[Collection entries]
== Segment start ==
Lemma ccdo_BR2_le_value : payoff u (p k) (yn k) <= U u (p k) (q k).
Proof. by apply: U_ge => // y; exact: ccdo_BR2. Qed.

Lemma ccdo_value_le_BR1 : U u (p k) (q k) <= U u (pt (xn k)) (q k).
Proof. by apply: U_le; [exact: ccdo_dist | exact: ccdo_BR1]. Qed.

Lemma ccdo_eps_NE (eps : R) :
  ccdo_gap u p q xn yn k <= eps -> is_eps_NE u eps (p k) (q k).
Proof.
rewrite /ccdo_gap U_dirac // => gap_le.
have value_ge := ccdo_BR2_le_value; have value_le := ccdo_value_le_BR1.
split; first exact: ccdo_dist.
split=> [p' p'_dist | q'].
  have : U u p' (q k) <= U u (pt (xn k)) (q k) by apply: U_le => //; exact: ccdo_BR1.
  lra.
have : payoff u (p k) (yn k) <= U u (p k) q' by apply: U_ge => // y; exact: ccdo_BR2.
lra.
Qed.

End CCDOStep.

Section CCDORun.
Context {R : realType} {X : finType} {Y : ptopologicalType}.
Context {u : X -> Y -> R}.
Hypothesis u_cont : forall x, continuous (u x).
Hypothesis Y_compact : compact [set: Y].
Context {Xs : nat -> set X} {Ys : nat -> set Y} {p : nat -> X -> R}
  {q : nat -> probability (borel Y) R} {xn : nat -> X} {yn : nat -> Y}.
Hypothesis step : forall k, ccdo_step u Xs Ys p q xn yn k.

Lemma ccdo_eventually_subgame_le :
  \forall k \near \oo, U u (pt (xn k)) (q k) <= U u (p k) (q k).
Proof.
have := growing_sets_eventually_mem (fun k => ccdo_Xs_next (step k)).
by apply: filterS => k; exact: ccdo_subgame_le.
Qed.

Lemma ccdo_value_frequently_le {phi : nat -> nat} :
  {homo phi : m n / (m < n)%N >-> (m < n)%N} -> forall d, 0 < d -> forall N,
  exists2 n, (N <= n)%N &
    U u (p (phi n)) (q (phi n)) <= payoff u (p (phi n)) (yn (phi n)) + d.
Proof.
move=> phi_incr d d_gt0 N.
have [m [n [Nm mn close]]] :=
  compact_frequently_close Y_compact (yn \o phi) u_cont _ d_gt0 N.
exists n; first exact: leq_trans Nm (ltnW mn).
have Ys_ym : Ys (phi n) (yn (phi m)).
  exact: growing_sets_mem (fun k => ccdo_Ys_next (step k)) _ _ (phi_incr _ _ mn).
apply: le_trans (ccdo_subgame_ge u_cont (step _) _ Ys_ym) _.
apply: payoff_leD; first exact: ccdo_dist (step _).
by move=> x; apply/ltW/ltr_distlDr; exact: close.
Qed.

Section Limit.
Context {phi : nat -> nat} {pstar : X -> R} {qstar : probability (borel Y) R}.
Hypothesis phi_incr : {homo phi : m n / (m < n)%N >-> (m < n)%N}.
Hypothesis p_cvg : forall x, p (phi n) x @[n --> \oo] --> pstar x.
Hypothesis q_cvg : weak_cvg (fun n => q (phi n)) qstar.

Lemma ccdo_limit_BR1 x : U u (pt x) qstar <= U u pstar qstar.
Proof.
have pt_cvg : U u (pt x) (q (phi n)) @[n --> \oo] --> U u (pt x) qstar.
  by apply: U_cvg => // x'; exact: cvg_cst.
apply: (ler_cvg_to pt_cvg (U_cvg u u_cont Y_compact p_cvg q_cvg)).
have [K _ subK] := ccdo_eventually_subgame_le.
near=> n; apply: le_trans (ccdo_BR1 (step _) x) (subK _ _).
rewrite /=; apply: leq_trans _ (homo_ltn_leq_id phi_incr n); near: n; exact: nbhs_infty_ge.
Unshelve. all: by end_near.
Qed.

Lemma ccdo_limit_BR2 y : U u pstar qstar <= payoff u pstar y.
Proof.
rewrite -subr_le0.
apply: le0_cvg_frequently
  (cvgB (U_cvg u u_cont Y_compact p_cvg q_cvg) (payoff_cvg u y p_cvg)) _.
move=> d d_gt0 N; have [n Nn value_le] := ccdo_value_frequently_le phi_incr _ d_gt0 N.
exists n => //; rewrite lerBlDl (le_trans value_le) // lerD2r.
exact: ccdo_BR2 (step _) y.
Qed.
== Segment end ==
Aim of the exercise:
The first line of the records begins the span, and the line containing "Hypothesis Y_compact : compact [set: Y]." ends it. Reproduce that span exactly, both ends included.

Completed exercise:
Lemma ccdo_BR2_le_value : payoff u (p k) (yn k) <= U u (p k) (q k).
Proof. by apply: U_ge => // y; exact: ccdo_BR2. Qed.

Lemma ccdo_value_le_BR1 : U u (p k) (q k) <= U u (pt (xn k)) (q k).
Proof. by apply: U_le; [exact: ccdo_dist | exact: ccdo_BR1]. Qed.

Lemma ccdo_eps_NE (eps : R) :
  ccdo_gap u p q xn yn k <= eps -> is_eps_NE u eps (p k) (q k).
Proof.
rewrite /ccdo_gap U_dirac // => gap_le.
have value_ge := ccdo_BR2_le_value; have value_le := ccdo_value_le_BR1.
split; first exact: ccdo_dist.
split=> [p' p'_dist | q'].
  have : U u p' (q k) <= U u (pt (xn k)) (q k) by apply: U_le => //; exact: ccdo_BR1.
  lra.
have : payoff u (p k) (yn k) <= U u (p k) q' by apply: U_ge => // y; exact: ccdo_BR2.
lra.
Qed.

End CCDOStep.

Section CCDORun.
Context {R : realType} {X : finType} {Y : ptopologicalType}.
Context {u : X -> Y -> R}.
Hypothesis u_cont : forall x, continuous (u x).
Hypothesis Y_compact : compact [set: Y].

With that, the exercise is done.